Wednesday 29 September 2010

‘Stonehenge boy’ probably killed by early Daily Mail readers


After tests revealed that the remains found at Stonehenge belonged to a teenager from one of those countries where they are are slightly browner than us, suspicion for his death has been aimed at early Daily Mail readers.

The bones belong to a teenager who died 3,550 years ago and who was raised around the Meditteranean, most likely with skin dark enough to raise suspicion in most people of below average intelligence.

Archaeology expert William Morris told reporters, “There has always been a Daily Mail, maybe not in name, but in its position in society and ability to stir up panic about essentially harmless issues among the mentally weak.”

“There was almost certainly a stone tablet warning locals that these foreigners were coming over here, stealing our jobs, bringing with them the Goat AIDS, or something.”
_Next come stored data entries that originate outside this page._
(* There is an absolute constant $C>0$ with the following property. Let $(\Omega,\mu)$ be a metric space, $\mathcal D$ a distribution on $\Omega$, $\tau\ge0$, $\sigma(\mathbf{x},\mathbf{y})=\mathbb{1}[\mu(\mathbf{x},\mathbf{y})\le\tau]$, and $p=\mathbf{P}_{\mathbf{x},\mathbf{y}\text{ iid }\mathcal D}[\mu(\mathbf{x},\mathbf{y})\le\tau]$ with $1/n\le p\le1/2$ (all of these may depend on $n$). Suppose $\Omega$ has a finite $\varepsilon$-net $\mathcal N(\varepsilon)$ such that $\mathbf{P}_{\mathbf{x},\mathbf{y}\text{ iid }\mathcal D}\big[\mu(\mathbf{x},\mathbf{y})\in[\tau-2\varepsilon,\tau+2\varepsilon]\big]=o(n^{-2})$ and $|\mathcal N(\varepsilon)|\le\exp(C\,np\log(1/p))$. Then $$\mathsf{TV}\Big(\mathsf{RGG}(n,\Omega,\mathcal D,\sigma,p),\ \mathsf{G}(n,p)\Big)=1-o(1).$$
   Context: An $\varepsilon$-net $\mathcal N(\varepsilon)\subseteq\Omega$ is a set such that every point of $\Omega$ is at $\mu$-distance at most $\varepsilon$ from some point of $\mathcal N(\varepsilon)$. $\mathsf{RGG}(n,\Omega,\mathcal D,\sigma,p)$: sample $\mathbf{x}^1,\dots,\mathbf{x}^n$ iid from $\mathcal D$ and join $i,j$ iff $\mu(\mathbf{x}^i,\mathbf{x}^j)\le\tau$. $\mathsf{G}(n,p)$ is Erdős–Rényi. Asymptotics are as $n\to\infty$. *)

From HB Require Import structures.
From mathcomp Require Import all_boot all_order all_algebra.
From mathcomp Require Import all_classical all_reals all_analysis.
From mathcomp Require Import Rstruct Rstruct_topology.
Set Implicit Arguments. Unset Strict Implicit. Unset Printing Implicit Defensive.
Import Order.TTheory GRing.Theory Num.Theory.
Local Open Scope classical_set_scope.
Local Open Scope ring_scope.

Section Defs.
Variable R : realType.

Definition is_metric (T : Type) (mu : T -> T -> R) : Prop :=
  [/\ (forall x y, 0 <= mu x y),
      (forall x y, mu x y = 0 <-> x = y),
      (forall x y, mu x y = mu y x) &
      (forall x y z, mu x z <= mu x y + mu y z)].

Definition measurable_dist d (T : measurableType d) (mu : T -> T -> R) : Prop :=
  measurable_fun [set: T * T] (fun z : T * T => mu z.1 z.2).

(* N (a finite list of points) is an eps-net of Omega for mu;
   its cardinality is bounded by size N *)
Definition is_eps_net (T : Type) (mu : T -> T -> R) (eps : R) (N : seq T) : Prop :=
  forall x : T, exists y, List.In y N /\ mu x y <= eps.

Definition edge_prob d (T : measurableType d) (D : probability T R)
  (mu : T -> T -> R) (tau : R) : R :=
  fine ((D \x D)%E [set z : T * T | mu z.1 z.2 <= tau]).

Definition band_prob d (T : measurableType d) (D : probability T R)
  (mu : T -> T -> R) (tau eps : R) : R :=
  fine ((D \x D)%E [set z : T * T | (tau - 2 * eps <= mu z.1 z.2)
                                     && (mu z.1 z.2 <= tau + 2 * eps)]).

Definition iid_sample d d' (T : measurableType d) (Om : measurableType d')
  (P : probability T R) (D : probability Om R) (n : nat)
  (X : 'I_n -> T -> Om) : Prop :=
  [/\ (forall i, measurable_fun setT (X i)),
      (forall i (A : set Om), measurable A -> P (X i @^-1` A) = D A) &
      (forall A : 'I_n -> set Om, (forall i, measurable (A i)) ->
         P (\bigcap_(i in [set: 'I_n]) (X i @^-1` A i))
         = (\prod_(i < n) fine (P (X i @^-1` A i)))%:E)].

(* Simple graphs on vertex set 'I_n are encoded by their edge sets, i.e.
   sets of 2-element subsets of 'I_n. *)
Definition all_pairs (n : nat) : {set {set 'I_n}} := [set e : {set 'I_n} | #|e| == 2%N]%SET.

Definition rgg_graph (T : Type) (mu : T -> T -> R) (tau : R) (n : nat)
  (x : 'I_n -> T) : {set {set 'I_n}} :=
  [set e : {set 'I_n} | [exists i : 'I_n, exists j : 'I_n,
     [&& (i < j)%N, e == [set i; j]%SET & mu (x i) (x j) <= tau]]]%SET.

Definition rgg_pmf d d' (T : measurableType d) (Om : measurableType d')
  (P : probability T R) (mu : Om -> Om -> R) (tau : R) (n : nat)
  (X : 'I_n -> T -> Om) (g : {set {set 'I_n}}) : R :=
  fine (P [set t | rgg_graph mu tau (fun i => X i t) = g]).

Definition gnp_pmf (n : nat) (p : R) (g : {set {set 'I_n}}) : R :=
  if g \subset all_pairs n then p ^+ #|g| * (1 - p) ^+ ('C(n, 2) - #|g|)
  else 0.

Definition TV (n : nat) (f h : {set {set 'I_n}} -> R) : R :=
  2^-1 * \sum_(g : {set {set 'I_n}}) `|f g - h g|.

End Defs.
Arguments gnp_pmf {R} n p g.

From HB Require Import structures.
From mathcomp Require Import all_boot all_order all_algebra.
From mathcomp Require Import all_classical all_reals all_analysis.
From mathcomp Require Import Rstruct Rstruct_topology.
From mathcomp Require Import zify ring lra.
Set Implicit Arguments.
Unset Strict Implicit.
Unset Printing Implicit Defensive.
Import Order.TTheory GRing.Theory Num.Theory.
Local Open Scope classical_set_scope.
Local Open Scope ring_scope.

(* If no two sample points have distance within [2 eps] of [tau], which fails
   with probability at most [n^2] times the band probability, then moving every
   point to a nearest point of the [eps]-net does not change the graph.  So up to
   that error the random geometric graph lives on the at most
   [|N|^n <= exp (C n^2 p ln (1/p))] graphs realised by net points.  Under
   G(n, p), a graph with at least [M p / 4] of the [M = n (n - 1) / 2] possible
   edges has probability at most [exp (- (M p / 4) ln (1/p))], and having fewer
   edges has probability [exp (- Omega (M p))] by Markov's inequality applied to
   [2 ^ - #edges].  With [C = 1/32] both contributions are [O (1/n)], so the two
   laws are asymptotically disjoint. *)

Section TotalVariation.
Variables (R : realType) (I : finType) (f h : I -> R).
Hypotheses (f_ge0 : forall x, 0 <= f x) (h_ge0 : forall x, 0 <= h x).
Hypotheses (f_sum1 : \sum_x f x = 1) (h_sum1 : \sum_x h x = 1).

(* On [S] and on its complement [f - h] has opposite total mass, so each part
   carries half of the l1 distance. *)
Lemma sum_setD_le_half_l1 (S : {set I}) :
  \sum_(x in S) f x - \sum_(x in S) h x <= 2^-1 * \sum_x `|f x - h x|.
Proof.
have splitS (F : I -> R) : \sum_x F x = \sum_(x in S) F x + \sum_(x | x \notin S) F x.
  by rewrite (bigID (mem S)).
have inS : \sum_(x in S) f x - \sum_(x in S) h x <= \sum_(x in S) `|f x - h x|.
  by rewrite -sumrB ler_sum // => x _; apply: ler_norm.
have outS : \sum_(x | x \notin S) h x - \sum_(x | x \notin S) f x
            <= \sum_(x | x \notin S) `|f x - h x|.
  by rewrite -sumrB ler_sum // => x _; rewrite distrC ler_norm.
move: (splitS f) (splitS h) (splitS (fun x => `|f x - h x|)).
rewrite f_sum1 h_sum1 => ef eh ->; lra.
Qed.

Lemma half_l1_le1 : 2^-1 * \sum_x `|f x - h x| <= 1.
Proof.
have : \sum_x `|f x - h x| <= \sum_x (f x + h x).
  by apply: ler_sum => x _; apply: le_trans (ler_normB _ _) _; rewrite !ger0_norm.
rewrite big_split /= f_sum1 h_sum1; lra.
Qed.

End TotalVariation.

Section ErdosRenyi.
Variable R : realType.

Lemma sum_subsets_card (T : finType) (A : {set T}) (F : nat -> R) :
  \sum_(g : {set T} | g \subset A) F #|g| = \sum_(k < #|A|.+1) 'C(#|A|, k)%:R * F k.
Proof.
rewrite (partition_big (fun g : {set T} => inord #|g| : 'I_#|A|.+1) xpredT) //.
apply: eq_bigr => k _.
have cardE (g : {set T}) : g \subset A -> (inord #|g| == k :> 'I_#|A|.+1) = (#|g| == k).
  by move=> gA; rewrite -val_eqE [val _]inordK // ltnS subset_leq_card.
rewrite (eq_bigl (mem [set g : {set T} | g \subset A & #|g| == k])); last first.
  by move=> g; rewrite !inE; case gA: (g \subset A); rewrite //= cardE.
rewrite (eq_bigr (fun _ => F k)); last by move=> g /[!inE] /andP[_ /eqP->].
by rewrite sumr_const cards_draws mulr_natl.
Qed.

Lemma expr_expR_ln (x : R) m : 0 < x -> x ^+ m = expR (m%:R * ln x).
Proof. by move=> x0; rewrite expRM_natl lnK. Qed.

Lemma card_all_pairs n : #|all_pairs n| = 'C(n, 2).
Proof. by rewrite card_draws card_ord. Qed.

Variables (n : nat) (p : R).

Lemma gnp_pmf_ge0 g : 0 <= p <= 1 -> 0 <= gnp_pmf n p g.
Proof.
move=> /andP[p0 p1]; rewrite /gnp_pmf; case: ifP => // _.
by rewrite mulr_ge0 // exprn_ge0 // subr_ge0.
Qed.

Lemma gnp_pmf_gen (w : R) :
  \sum_(g : {set {set 'I_n}}) gnp_pmf n p g * w ^+ #|g| = (p * w + (1 - p)) ^+ 'C(n, 2).
Proof.
rewrite (bigID (fun g : {set {set 'I_n}} => g \subset all_pairs n)) /=.
rewrite [X in _ + X]big1 ?addr0; last by move=> g /negbTE gA; rewrite /gnp_pmf gA mul0r.
pose F k := (p * w) ^+ k * (1 - p) ^+ ('C(n, 2) - k).
rewrite (eq_bigr (fun g : {set {set 'I_n}} => F #|g|)); last first.
  by move=> g gA; rewrite /gnp_pmf gA /F exprMn mulrAC.
rewrite sum_subsets_card card_all_pairs addrC exprDn.
by apply: eq_bigr => k _; rewrite mulr_natl mulrC.
Qed.

Lemma gnp_pmf_sum1 : \sum_(g : {set {set 'I_n}}) gnp_pmf n p g = 1.
Proof.
have := gnp_pmf_gen 1; rewrite mulr1 addrC subrK expr1n => <-.
by apply: eq_bigr => g _; rewrite expr1n mulr1.
Qed.

Hypotheses (p_gt0 : 0 < p) (p_le_half : p <= 2^-1).

Let p_le_q : p <= 1 - p. Proof. by move: p_le_half; lra. Qed.
Let q_gt0 : 0 < 1 - p. Proof. by move: p_le_q; lra. Qed.
Let p_unit : 0 <= p <= 1. Proof. by move: p_gt0 q_gt0; lra. Qed.

(* Graphs with at least [k] edges are individually unlikely, and by Markov's
   inequality applied to [2 ^- #|g|], so is having fewer than [k] edges. *)
Lemma gnp_pmf_le_split (k : R) g :
  gnp_pmf n p g <= (1 - p) ^+ 'C(n, 2) * expR (k * ln (p / (1 - p)))
                   + expR (k * ln 2) * (gnp_pmf n p g * 2^-1 ^+ #|g|).
Proof.
have g_ge0 : 0 <= gnp_pmf n p g by apply: gnp_pmf_ge0.
have heavy_ge0 : 0 <= (1 - p) ^+ 'C(n, 2) * expR (k * ln (p / (1 - p))).
  by rewrite mulr_ge0 ?expR_ge0 // exprn_ge0 // ltW.
have light_ge0 : 0 <= expR (k * ln 2) * (gnp_pmf n p g * 2^-1 ^+ #|g|).
  by rewrite mulr_ge0 ?expR_ge0 // mulr_ge0 // exprn_ge0.
have [gA | /negbTE gA] := boolP (g \subset all_pairs n); last first.
  by rewrite {1}/gnp_pmf gA addr_ge0.
set m := #|g|.
have [km | mk] := leP k m%:R; [apply: ler_wpDr => // | apply: ler_wpDl => //].
  have mM : (m <= 'C(n, 2))%N by rewrite -card_all_pairs subset_leq_card.
  have -> : gnp_pmf n p g = (1 - p) ^+ 'C(n, 2) * (p / (1 - p)) ^+ m.
    rewrite /gnp_pmf gA -{2}(subnK mM) exprD expr_div_n mulrACA.
    by rewrite mulfV ?mulr1 1?mulrC // expf_neq0 // gt_eqF.
  apply: ler_wpM2l; first by rewrite exprn_ge0 // ltW.
  rewrite expr_expR_ln ?divr_gt0 // ler_expR ler_wnM2r // ln_le0 //.
  by rewrite ler_pdivrMr // mul1r.
rewrite mulrCA -[leLHS]mulr1 ler_wpM2l // exprVn expr_expR_ln //.
rewrite ler_pdivlMr ?expR_gt0 // mul1r ler_expR ler_wpM2r ?ltW //.
by rewrite ln_gt0 // ltr1n.
Qed.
“It would have cost the equivalent of about 40p a day to read it, and for some entirely unfeasible reason, the morons of the day would hang on every word.”

Stonehenge Boy

Morris went on to suggest that understanding that the boy was not of these shores almost certainly gives us a strong clue as to his eventual demise.

He continued, “Three thousand years ago Daily Mail readers were not bound by the social conventions they find so constricting today, like not killing people they’re a little bit scared of for no good reason whatsoever.”

“In all likelihood they would have chased this boy across the moors with burning torches and copies of whatever the Daily Mail was at this point, before beating him to death and burying him in a hole before they could catch something ‘forrin’.”

“We’ve come a long way as a society.  Sort of.”